(Stored data)
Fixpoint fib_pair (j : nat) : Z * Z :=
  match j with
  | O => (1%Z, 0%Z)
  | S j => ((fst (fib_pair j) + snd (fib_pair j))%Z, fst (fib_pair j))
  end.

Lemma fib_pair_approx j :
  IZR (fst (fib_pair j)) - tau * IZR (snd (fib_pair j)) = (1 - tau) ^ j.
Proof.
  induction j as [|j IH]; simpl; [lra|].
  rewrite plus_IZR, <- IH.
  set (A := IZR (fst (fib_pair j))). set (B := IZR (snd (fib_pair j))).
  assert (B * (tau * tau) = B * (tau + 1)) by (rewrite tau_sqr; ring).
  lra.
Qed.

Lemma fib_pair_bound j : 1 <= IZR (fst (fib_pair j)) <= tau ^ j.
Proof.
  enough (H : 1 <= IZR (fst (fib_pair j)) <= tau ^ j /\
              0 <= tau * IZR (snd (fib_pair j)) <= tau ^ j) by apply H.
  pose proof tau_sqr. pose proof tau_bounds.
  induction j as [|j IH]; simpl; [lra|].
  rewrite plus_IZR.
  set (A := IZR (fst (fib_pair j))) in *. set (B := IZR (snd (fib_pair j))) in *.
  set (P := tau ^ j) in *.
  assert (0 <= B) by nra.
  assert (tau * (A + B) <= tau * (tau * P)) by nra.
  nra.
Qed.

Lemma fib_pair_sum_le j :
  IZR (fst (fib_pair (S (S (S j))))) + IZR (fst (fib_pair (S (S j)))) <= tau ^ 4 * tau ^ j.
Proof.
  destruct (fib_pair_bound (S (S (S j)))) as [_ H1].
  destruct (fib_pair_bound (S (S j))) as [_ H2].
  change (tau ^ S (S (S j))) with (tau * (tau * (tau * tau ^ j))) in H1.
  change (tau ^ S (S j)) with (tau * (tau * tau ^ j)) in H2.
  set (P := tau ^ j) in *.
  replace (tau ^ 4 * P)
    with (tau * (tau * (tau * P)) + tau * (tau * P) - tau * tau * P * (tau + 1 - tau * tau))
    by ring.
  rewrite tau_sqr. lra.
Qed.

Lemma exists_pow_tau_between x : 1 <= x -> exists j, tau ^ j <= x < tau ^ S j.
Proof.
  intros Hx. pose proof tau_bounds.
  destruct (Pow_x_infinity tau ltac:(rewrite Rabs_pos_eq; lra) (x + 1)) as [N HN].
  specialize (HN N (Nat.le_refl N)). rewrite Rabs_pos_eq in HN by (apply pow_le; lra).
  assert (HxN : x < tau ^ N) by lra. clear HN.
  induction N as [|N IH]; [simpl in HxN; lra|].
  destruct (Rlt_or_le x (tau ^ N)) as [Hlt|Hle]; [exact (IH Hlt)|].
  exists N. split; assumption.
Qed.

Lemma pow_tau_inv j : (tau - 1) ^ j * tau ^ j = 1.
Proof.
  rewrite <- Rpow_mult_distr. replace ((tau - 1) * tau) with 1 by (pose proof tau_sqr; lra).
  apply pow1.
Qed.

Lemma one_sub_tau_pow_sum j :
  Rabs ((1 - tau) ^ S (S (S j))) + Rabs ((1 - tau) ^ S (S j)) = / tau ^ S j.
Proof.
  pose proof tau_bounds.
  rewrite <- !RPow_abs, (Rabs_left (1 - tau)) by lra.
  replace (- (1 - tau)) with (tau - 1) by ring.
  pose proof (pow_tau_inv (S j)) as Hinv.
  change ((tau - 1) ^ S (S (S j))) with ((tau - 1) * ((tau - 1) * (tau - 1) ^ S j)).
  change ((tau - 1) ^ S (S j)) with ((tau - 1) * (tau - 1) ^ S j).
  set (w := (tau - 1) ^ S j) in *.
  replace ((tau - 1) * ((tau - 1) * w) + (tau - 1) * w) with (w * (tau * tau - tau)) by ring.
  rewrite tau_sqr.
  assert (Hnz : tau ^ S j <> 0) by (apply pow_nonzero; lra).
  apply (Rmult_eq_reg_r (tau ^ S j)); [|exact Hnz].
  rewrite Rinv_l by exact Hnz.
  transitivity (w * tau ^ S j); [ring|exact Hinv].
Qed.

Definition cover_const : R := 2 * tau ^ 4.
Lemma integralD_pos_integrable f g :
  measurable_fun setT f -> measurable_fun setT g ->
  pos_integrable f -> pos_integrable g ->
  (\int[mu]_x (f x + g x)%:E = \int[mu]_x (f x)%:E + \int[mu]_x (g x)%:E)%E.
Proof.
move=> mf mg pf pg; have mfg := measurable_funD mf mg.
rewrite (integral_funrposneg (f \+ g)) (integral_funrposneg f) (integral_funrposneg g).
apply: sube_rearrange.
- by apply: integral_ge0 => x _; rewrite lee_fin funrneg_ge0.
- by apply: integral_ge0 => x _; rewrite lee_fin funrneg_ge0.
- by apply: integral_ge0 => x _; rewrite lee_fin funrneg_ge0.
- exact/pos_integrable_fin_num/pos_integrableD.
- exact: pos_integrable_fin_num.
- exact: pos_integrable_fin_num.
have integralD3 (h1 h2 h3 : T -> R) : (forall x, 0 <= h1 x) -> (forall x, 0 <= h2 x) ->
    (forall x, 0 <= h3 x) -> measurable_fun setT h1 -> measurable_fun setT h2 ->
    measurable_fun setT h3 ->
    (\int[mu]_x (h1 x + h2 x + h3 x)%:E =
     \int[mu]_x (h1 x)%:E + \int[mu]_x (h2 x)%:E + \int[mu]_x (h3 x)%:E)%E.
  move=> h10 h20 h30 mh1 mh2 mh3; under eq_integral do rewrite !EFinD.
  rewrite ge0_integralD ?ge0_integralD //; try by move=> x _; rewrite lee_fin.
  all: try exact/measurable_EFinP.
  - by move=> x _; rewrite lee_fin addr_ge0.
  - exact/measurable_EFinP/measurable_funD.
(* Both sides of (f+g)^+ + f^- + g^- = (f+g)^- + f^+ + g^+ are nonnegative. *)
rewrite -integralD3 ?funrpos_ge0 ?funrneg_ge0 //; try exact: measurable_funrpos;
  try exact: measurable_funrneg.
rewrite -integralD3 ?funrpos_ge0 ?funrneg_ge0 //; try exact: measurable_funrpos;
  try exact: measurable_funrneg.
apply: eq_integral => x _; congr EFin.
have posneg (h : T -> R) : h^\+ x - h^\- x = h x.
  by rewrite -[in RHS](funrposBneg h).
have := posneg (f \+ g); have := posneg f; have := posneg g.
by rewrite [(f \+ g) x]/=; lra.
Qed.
...
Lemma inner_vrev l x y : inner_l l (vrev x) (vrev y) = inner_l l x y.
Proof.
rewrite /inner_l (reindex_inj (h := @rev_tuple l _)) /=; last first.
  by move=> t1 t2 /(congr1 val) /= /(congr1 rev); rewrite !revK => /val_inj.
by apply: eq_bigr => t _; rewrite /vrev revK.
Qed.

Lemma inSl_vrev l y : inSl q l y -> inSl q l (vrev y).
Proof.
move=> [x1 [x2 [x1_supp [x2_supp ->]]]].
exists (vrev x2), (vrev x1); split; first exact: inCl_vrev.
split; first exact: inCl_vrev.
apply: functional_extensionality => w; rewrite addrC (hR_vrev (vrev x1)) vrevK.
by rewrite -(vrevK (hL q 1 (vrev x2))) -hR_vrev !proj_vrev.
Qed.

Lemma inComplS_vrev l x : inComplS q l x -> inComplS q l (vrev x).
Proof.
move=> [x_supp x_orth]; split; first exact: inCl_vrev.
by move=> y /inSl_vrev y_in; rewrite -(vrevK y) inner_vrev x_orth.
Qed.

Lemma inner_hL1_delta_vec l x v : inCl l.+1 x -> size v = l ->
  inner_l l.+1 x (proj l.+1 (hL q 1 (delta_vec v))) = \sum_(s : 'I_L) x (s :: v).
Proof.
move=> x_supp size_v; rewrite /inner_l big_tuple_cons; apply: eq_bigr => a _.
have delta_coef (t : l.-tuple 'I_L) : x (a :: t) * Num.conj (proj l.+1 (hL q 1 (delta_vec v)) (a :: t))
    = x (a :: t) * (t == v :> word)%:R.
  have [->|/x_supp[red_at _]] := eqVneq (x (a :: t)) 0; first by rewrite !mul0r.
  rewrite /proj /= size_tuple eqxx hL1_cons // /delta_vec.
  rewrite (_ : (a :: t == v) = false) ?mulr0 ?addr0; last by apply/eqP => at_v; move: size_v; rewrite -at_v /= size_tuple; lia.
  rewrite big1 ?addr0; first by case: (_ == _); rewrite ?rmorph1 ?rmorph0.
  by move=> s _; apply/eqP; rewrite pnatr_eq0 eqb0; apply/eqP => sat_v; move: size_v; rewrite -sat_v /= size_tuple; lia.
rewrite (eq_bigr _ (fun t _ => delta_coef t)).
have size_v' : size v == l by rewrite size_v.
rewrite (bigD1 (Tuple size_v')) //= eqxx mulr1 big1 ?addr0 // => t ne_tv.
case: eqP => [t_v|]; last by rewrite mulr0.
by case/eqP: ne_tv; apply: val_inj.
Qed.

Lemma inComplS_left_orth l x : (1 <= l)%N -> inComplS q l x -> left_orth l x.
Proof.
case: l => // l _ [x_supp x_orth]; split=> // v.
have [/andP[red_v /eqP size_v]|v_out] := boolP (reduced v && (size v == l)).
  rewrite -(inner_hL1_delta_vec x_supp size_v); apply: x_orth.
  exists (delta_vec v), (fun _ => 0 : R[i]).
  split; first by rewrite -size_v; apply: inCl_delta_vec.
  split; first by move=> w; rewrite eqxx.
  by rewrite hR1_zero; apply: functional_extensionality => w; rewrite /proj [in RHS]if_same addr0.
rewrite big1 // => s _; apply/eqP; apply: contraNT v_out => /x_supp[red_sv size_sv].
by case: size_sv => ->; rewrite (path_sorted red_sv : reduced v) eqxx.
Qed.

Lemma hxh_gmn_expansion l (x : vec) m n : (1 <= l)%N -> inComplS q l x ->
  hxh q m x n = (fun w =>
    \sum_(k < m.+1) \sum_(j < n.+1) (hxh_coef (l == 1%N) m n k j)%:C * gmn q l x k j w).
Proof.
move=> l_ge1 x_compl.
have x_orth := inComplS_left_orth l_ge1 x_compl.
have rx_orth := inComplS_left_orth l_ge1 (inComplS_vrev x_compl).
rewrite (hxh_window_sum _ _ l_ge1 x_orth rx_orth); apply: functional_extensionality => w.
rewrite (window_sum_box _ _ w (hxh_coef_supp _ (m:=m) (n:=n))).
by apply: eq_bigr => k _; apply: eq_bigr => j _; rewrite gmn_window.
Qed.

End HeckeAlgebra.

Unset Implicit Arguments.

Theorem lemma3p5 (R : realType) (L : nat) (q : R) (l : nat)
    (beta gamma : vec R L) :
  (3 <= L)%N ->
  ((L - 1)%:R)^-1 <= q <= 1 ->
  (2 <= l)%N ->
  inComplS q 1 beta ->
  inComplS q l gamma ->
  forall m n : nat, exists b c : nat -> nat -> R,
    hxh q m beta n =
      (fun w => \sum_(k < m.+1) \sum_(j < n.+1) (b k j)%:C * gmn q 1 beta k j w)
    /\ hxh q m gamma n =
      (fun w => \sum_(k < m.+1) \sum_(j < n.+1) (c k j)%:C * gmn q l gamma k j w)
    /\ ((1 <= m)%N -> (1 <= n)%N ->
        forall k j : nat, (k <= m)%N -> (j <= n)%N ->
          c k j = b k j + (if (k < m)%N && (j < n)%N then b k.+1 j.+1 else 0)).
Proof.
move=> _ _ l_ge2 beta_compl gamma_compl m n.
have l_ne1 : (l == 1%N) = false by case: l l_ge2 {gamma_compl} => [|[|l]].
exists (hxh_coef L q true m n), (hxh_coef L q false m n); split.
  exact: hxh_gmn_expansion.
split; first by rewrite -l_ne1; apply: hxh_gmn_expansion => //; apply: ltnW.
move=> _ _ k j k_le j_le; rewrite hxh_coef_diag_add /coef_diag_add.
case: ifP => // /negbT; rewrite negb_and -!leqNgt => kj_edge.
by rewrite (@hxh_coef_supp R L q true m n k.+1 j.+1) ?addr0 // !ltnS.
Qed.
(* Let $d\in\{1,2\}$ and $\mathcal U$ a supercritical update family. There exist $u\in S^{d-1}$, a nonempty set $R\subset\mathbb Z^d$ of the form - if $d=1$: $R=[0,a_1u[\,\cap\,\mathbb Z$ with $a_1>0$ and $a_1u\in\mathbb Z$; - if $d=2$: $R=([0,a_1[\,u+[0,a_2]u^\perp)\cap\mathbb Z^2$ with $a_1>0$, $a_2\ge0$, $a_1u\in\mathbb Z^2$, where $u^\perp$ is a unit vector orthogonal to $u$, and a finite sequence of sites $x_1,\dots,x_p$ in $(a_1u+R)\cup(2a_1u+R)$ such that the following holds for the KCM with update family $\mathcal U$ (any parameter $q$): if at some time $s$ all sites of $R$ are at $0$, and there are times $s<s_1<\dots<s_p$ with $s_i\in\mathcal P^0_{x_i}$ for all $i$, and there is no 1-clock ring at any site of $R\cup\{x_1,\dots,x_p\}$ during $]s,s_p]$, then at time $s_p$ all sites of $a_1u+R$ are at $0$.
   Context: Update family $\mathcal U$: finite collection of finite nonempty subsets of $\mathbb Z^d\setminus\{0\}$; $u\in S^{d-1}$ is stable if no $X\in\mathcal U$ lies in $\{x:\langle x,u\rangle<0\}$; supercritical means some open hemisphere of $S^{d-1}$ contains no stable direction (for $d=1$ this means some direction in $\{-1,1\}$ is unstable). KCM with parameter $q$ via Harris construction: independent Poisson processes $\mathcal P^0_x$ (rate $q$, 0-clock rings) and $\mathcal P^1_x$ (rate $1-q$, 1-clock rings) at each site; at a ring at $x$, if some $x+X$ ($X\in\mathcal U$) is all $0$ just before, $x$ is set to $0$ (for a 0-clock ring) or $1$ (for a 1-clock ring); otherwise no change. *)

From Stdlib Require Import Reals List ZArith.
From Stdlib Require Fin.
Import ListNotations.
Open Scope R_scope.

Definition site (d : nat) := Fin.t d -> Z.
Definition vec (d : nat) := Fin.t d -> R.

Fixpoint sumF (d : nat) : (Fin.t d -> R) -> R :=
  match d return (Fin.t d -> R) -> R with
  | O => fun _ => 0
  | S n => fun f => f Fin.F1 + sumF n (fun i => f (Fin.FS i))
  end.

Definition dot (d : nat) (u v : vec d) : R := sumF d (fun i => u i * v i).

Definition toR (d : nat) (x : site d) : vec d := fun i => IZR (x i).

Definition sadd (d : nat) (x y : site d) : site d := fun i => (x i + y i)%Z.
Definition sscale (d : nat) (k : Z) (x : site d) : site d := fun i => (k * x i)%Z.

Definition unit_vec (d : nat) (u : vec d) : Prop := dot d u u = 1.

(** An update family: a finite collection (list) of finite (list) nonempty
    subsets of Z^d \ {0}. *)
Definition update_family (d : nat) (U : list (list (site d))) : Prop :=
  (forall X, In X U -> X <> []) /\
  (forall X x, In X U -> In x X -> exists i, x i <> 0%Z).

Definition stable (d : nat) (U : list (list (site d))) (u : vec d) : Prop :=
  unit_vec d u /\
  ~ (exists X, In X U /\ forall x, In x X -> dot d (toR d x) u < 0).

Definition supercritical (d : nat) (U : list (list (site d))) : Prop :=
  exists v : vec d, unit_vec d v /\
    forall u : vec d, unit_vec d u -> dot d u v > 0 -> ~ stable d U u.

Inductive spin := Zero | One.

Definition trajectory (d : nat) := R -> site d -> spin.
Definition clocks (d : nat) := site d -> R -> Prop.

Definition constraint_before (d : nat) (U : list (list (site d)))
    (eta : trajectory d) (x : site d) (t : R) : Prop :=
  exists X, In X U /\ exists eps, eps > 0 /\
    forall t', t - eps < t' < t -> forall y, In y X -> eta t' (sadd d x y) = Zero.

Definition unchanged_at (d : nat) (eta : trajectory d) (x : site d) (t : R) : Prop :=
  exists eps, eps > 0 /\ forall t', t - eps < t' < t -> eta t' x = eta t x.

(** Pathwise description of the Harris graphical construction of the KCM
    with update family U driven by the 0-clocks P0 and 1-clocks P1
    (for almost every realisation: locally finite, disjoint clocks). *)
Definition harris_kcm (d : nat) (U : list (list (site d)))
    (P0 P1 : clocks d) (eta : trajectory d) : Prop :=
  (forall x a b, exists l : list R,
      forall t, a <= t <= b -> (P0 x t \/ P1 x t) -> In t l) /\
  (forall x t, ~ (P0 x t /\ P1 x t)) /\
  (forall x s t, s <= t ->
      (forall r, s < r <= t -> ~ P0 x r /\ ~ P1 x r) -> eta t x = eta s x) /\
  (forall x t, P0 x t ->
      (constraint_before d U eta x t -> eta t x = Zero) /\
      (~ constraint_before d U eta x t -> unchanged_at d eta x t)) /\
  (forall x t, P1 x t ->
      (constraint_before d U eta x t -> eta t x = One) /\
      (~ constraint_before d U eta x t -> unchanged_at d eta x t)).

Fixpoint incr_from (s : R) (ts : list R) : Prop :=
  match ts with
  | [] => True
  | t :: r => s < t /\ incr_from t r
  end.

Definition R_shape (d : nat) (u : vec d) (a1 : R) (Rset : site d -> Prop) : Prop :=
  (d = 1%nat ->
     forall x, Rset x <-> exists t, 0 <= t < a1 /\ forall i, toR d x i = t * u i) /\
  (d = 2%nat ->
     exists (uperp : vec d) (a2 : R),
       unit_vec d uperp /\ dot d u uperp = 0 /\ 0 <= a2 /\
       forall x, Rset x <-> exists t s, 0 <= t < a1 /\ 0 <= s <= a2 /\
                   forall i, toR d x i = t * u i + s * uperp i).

_WORK ITEM_.
Only one stretch of the entries above is wanted: the lines from the one containing "Fixpoint fib_pair (j" through the one containing "Lemma fib_pair_bound j". Please reproduce it exactly.

_OUTPUT BELOW_.
Fixpoint fib_pair (j : nat) : Z * Z :=
  match j with
  | O => (1%Z, 0%Z)
  | S j => ((fst (fib_pair j) + snd (fib_pair j))%Z, fst (fib_pair j))
  end.

Lemma fib_pair_approx j :
  IZR (fst (fib_pair j)) - tau * IZR (snd (fib_pair j)) = (1 - tau) ^ j.
Proof.
  induction j as [|j IH]; simpl; [lra|].
  rewrite plus_IZR, <- IH.
  set (A := IZR (fst (fib_pair j))). set (B := IZR (snd (fib_pair j))).
  assert (B * (tau * tau) = B * (tau + 1)) by (rewrite tau_sqr; ring).
  lra.
Qed.

Lemma fib_pair_bound j : 1 <= IZR (fst (fib_pair j)) <= tau ^ j.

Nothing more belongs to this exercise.